Уже было две оказии, сестрица, а ты писать не изволишь. Ездишь себе, верно, по першпективе Невской, нашей несравненной, целые вороха платьев себе нашила… а? Носят ли ныне сильно сборчатые роброны и сколь сильно открывают спину? Я о сем спрашиваю по той причине, что располнела я ныне весьма и весьма, так спина моя из худой, какой была она до приезда в место сие, в полную и соблазнительную для взглядов обращается, посему желание мое ты, comme une dame de qualité[2], понимаешь. Еще спрошу, сестрица, какие ныне цвета в моде? Наш новый горный ревизор, Владимир Никитич (voici un vrai gentilhomme, doux et joli[3], ну просто молодой бог), утверждать изволит, что будто самый модный серизовой и палевой. Ах, сестрица, сие хуже смерти! Эти цвета как раз не идут к моей фигуре и моему лицу, слишком румяному и белому — oh, cette beauté russe![4] Стараясь всячески культуру французскую в себя принять, лицо иметь томное, в меру бледное, в глазах мечтательность, стараюсь даже кушать меньше — и все без толку. Сие печалит меня до глубины сердца, сестрица.

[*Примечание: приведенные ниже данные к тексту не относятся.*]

Section Model.
Variables (R : realType) (T M N : nat) (D : msdata R T M N).
Hypothesis hwf : ms_wf D.
Local Notation S := (tree D).
Local Notation V := (node S).
Local Notation rt := (Defs.root S).
Local Notation sol := (msol R V M N).
Local Notation p := (prob D).
Local Notation fsum t := (\sum_i fc D t i).
Local Notation Bop := (@Defs.Bop R T M N D).
Local Notation Aop := (@Defs.Aop R M N).
Local Notation fdot := (@Defs.fdot R T M N D).
Local Notation cdot := (@Defs.cdot R T M N D).
Local Notation cumX := (@Defs.cumX R T M N D).
Local Notation capX := (@Defs.capX R T M N D).

Lemma f_ge0 t i : (1 <= t <= T)%N -> 0 <= fc D t i.
Proof. by case: hwf => h _; apply: h. Qed.
Lemma c_ge0 t i j : (1 <= t <= T)%N -> 0 <= cc D t i j.
Proof. by case: hwf => _ [h _]; apply: h. Qed.
Lemma h_gt0 t i : (1 <= t <= T)%N -> 0 < hc D t i.
Proof. by case: hwf => _ [_ [h _]]; apply: h. Qed.
Lemma p_gt0 n : 0 < p n.
Proof. by case: hwf => _ [_ [_ [h _]]]; apply: h. Qed.
Lemma p_sum_period t : (1 <= t <= T)%N -> \sum_(n : V | tn n == t) p n = 1.
Proof. by case: hwf => _ [_ [_ [_ [h _]]]]; apply: h. Qed.
Lemma p_sum_child n : ~~ is_leaf n -> \sum_(m : V | child n m) p m = p n.
Proof. by case: hwf => _ [_ [_ [_ [_ [h _]]]]]; apply: h. Qed.
Lemma lam_range t : (2 <= t <= T)%N -> 0 <= lam D t <= 1.
Proof. by case: hwf => _ [_ [_ [_ [_ [_ [_ [h _]]]]]]]; apply: h. Qed.
Lemma alp_range t : (2 <= t <= T)%N -> 0 < alp D t < 1.
Proof. by case: hwf => _ [_ [_ [_ [_ [_ [_ [_ h]]]]]]]; apply: h. Qed.

Lemma tn_range (n : V) : (1 <= tn n <= T)%N.
Proof. exact: tn_leT. Qed.

Lemma tn_range_nonroot (n : V) : n != rt -> (2 <= tn n <= T)%N.
Proof. by move=> hn; rewrite tn_leT andbT /tn (dep_par hn). Qed.

Lemma sum_nonroot_by_parent (G : V -> R) :
  \sum_(m | m != rt) G m = \sum_(n | ~~ is_leaf n) \sum_(m | child n m) G m.
Proof.
rewrite (partition_big (par S) (fun n => ~~ is_leaf n)); last exact: par_nonleaf.
by apply: eq_bigr => n _; apply: eq_bigl => m.
Qed.

Lemma sum_period (G : nat -> R) :
  \sum_n p n * G (tn n) = \sum_(1 <= t < T.+1) G t.
Proof.
rewrite (partition_big (fun n : V => Ordinal (dep_lt n)) predT) //=.
rewrite big_add1 /= big_mkord; apply: eq_bigr => j _.
rewrite -[G j.+1]mul1r -(@p_sum_period j.+1); last by rewrite /= ltn_ord.
rewrite mulr_suml; apply: eq_big => [n|n /eqP hn]; last by rewrite /tn -hn.
by rewrite /tn eqSS -(inj_eq val_inj).
Qed.

Lemma sum_ltil (Z : V -> R) :
  \sum_n p n * (ltil n * Z n)
  = \sum_(n | ~~ is_leaf n) \sum_(m | child n m) p m * lam D (tn m) * Z n.
Proof.
rewrite (bigID (fun n : V => is_leaf n)) /= big1 ?add0r; last first.
  by move=> n hn; rewrite /ltil hn mul0r mulr0.
apply: eq_bigr => n hn; rewrite /ltil (negbTE hn) -(p_sum_child hn) !mulr_suml.
by apply: eq_bigr => m hm; rewrite (child_tn hm); ring.
Qed.

Lemma ltil_ge0 (n : V) : 0 <= ltil n.
Proof.
rewrite /ltil; case: ifP => // /negbT /nonleaf_tn h.
have /andP[] // : 0 <= lam D (tn n).+1 <= 1 by apply: lam_range; rewrite h.
Qed.

Lemma cumX_par (x : V -> 'I_M -> R) n i : n != rt ->
  cumX x n i = x n i + cumX x (par S n) i.
Proof.
move=> hn; rewrite /Defs.cumX (bigD1 n) ?anc_refl //=; congr (_ + _).
apply: eq_bigl => m; rewrite (anc_par _ hn).
case: (eqVneq m n) => [->|_] /=; last by rewrite andbT.
by rewrite /anc (dep_par hn) ltn_geF.
Qed.

Lemma cumX_root (x : V -> 'I_M -> R) i : cumX x rt i = x rt i.
Proof. by rewrite /Defs.cumX (eq_bigl _ _ (@anc_root_eq _ S)) big_pred1_eq. Qed.

Lemma cumX_anc_le (x : V -> 'I_M -> R) l m i :
  (forall n i, 0 <= x n i) -> anc m l -> cumX x l i <= cumX x m i.
Proof.
move=> hx hml; rewrite /Defs.cumX [X in _ <= X](bigID (anc l)) /=.
rewrite [X in _ <= X + _](eq_bigl (anc l)) ?lerDl ?sumr_ge0 // => j.
by case: (boolP (anc l j)) => h; rewrite ?andbT ?andbF //; apply: anc_trans h.
Qed.

Lemma capX_root (y : V -> 'I_M -> 'I_N -> R) i : capX y rt i = ceilB y rt i.
Proof.
apply/le_anti/andP; split; last exact: (maxf_ge (fun m => ceilB _ m i) (anc_refl rt)).
by apply: (maxf_le (anc_refl rt)) => m; rewrite anc_root_eq => /eqP ->.
Qed.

Еще спрошу: где ныне мушки лепят? Я чаю, и тут новости всегда бывают, но в альманахе последнем, что ты мне послала, я ничего о мушках не видала, посему интерес большой об сем имею. Владимир Никитич, как осенью сюда приехал, так сразу меня удивил: де моды ныне — больше английские, по причине якобинства во Франции. Английские моды!.. Посуди, сестрица, сама, где в них отрада для души: грубость и грубость! Сколь мерзки мне все сии Робеспьеры и вся сия демонская зараза!.. Нот никаких новых нет, все пробавляемся теми, что у m-r Palaprat[5] к водевилям приложены. Очень хороши: весело и остроумно. Мы намедни разучили с Владимиром Никитичем «Trois gascons»[6] и весьма удачно.

Ах, сестрица, не учи меня осторожности. Notre vieux bonhomme ne soupçonne rien[7], и мы с Вольдемаром (я уже намекала тебе прошлый раз) смотрим невинно, яко младенцы. О Lise, ты недаром наставницей моей была!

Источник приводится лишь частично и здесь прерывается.